Furthermore, the glycine biosynthetic pathway found normally in the mitochondrion – a cell organelle that is responsible for energy production in cells – was shown to be the pathway of choice for the synthesis of glycine.  When the experimenters purposefully, blocked the synthesis of glycine by interfering with the mitochondrial synthetic pathway, the enhanced proliferation of the cancer cells studied was significantly impaired.

These findings uncover a previously unknown vulnerability of a wide range of known cancer types.  This discovery may prove to be highly significant as a strategy for the treatment of cancer. 

Friday, June 1, 2012

Drug Addiction and the Human Brain

The addiction to stimulant drugs is a serious issue that confronts modern society.  In those so afflicted, it is characterized by a satellite of issues including a behavioral pattern that grows out of control in the pursuit of obtaining and consuming ever-increasing amounts of drugs in spite of the fact that the use of these drugs negatively impacts both the individual's health and his or her social and personal life. 

In light of recent evidence, drug addiction has come to be regarded as a, "relapsing brain disorder."   In support of this view, marked structural changes in the striatal and pre-frontal brain regions have been reported in individuals with stimulant drug addiction.  The pre-frontal area of the brain is ordinarily recruited in the regulation and moderation of behavior.  Therefore, any deficit within this region may explain the dependency upon stimulant drugs on account of the fact that these chemicals impact those areas of the brain involved in motivated behavior.

The question naturally arises as to whether addiction itself causes changes in the structure of the brain or the structural anomalies described above precede the addictive behavior and predispose the affected individual to drug taking and its concomitant risky behavior.  In support of the latter argument, the structure of the individual brain is an inherited characteristic and drug addiction is known to run in families.  If, in fact, drug addictive behavior is an inheritable trait, the changes in brain structure would be regarded as an endophenotype – a trait that is a direct result of a genetic anomaly (genotype) and that is responsible for the overt clinical symptoms (phenotype).
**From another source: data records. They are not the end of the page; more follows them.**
Lemma common_vert_relabel c d v :
  common_vert (map ht c) (map ht d) (hv v) = common_vert c d v.
Proof. by rewrite /common_vert !cyc_verts_relabel !(mem_map relabel_vertex_inj). Qed.

Lemma common_vert_relabel_image c d v :
  common_vert (map ht c) (map ht d) v -> exists v', v = hv v'.
Proof. by rewrite /common_vert cyc_verts_relabel => /andP[/mapP[v' _ ->] _]; exists v'. Qed.

Lemma edge_ends_relabel e : edge_ends (he e) = (hv (edge_ends e).1, hv (edge_ends e).2).
Proof. by case: e => [[s r] b]. Qed.

Lemma inter_adj_relabel c d x y :
  inter_adj (map ht c) (map ht d) (hv x) (hv y) = inter_adj c d x y.
Proof.
apply/existsP/existsP => -[e /andP[ce ends_e]].
- have [e' ee'] := common_edge_relabel_image ce; subst e.
  exists e'; rewrite -common_edge_relabel ce /=.
  move: ends_e; rewrite edge_ends_relabel !xpair_eqE !(inj_eq relabel_vertex_inj).
  by rewrite -!xpair_eqE -!surjective_pairing.
- exists (he e); rewrite common_edge_relabel ce /= edge_ends_relabel.
  by rewrite !xpair_eqE !(inj_eq relabel_vertex_inj) -!xpair_eqE -!surjective_pairing.
Qed.

Lemma inter_adj_unrelabel c d a b :
  inter_adj (map ht c) (map ht d) a b -> inter_adj c d (gv a) (gv b).
Proof.
case/existsP=> e /andP[ce ends_e]; have [e' ee'] := common_edge_relabel_image ce.
subst e; apply/existsP; exists e'; rewrite -common_edge_relabel ce /=.
by case/orP: ends_e; rewrite edge_ends_relabel => /eqP[<- <-]; rewrite /= hK eqxx ?orbT.
Qed.

Lemma connect_inter_adj_relabel c d x y :
  connect (inter_adj (map ht c) (map ht d)) (hv x) (hv y) = connect (inter_adj c d) x y.
Proof.
apply/idP/idP => [|xy].
  by rewrite -{2}(relabel_vertexK x) -{2}(relabel_vertexK y);
    apply: homo_connect => a b; apply: inter_adj_unrelabel.
by apply: homo_connect xy => a b; rewrite inter_adj_relabel.
Qed.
In order to test this hypothesis, Dr. Karen D Ersche and her colleagues from the Behavioral and Clinical Neuroscience Institute and Department of Experimental Psychology and Department of Psychiatry at the University of Cambridge, Cambridge, UK, conducted a study in which,   "we compared brain structure and the ability to regulate behavior in 50 biological sibling pairs."  As a result of this exhaustive investigation, it was shown that the fronto-striatal regions of the brains showed marked abnormalities in not only addictive individuals but their biological siblings who possessed no apparent symptoms of drug dependency.  The demonstration of changes in brain structure in close family members establishes the genetic connection and strongly suggests that such endophenotypic changes predispose the individual to drug addictive behavior.

These findings are of immense importance in not only understanding the nature of drug addiction, but also informing the general public and the legal system on how to best deal with addictive individuals.  In addition, further studies designed to discover the underlying genetic abnormalities associated with this condition could provide immeasurable help in finding appropriate therapies for this brain disorder.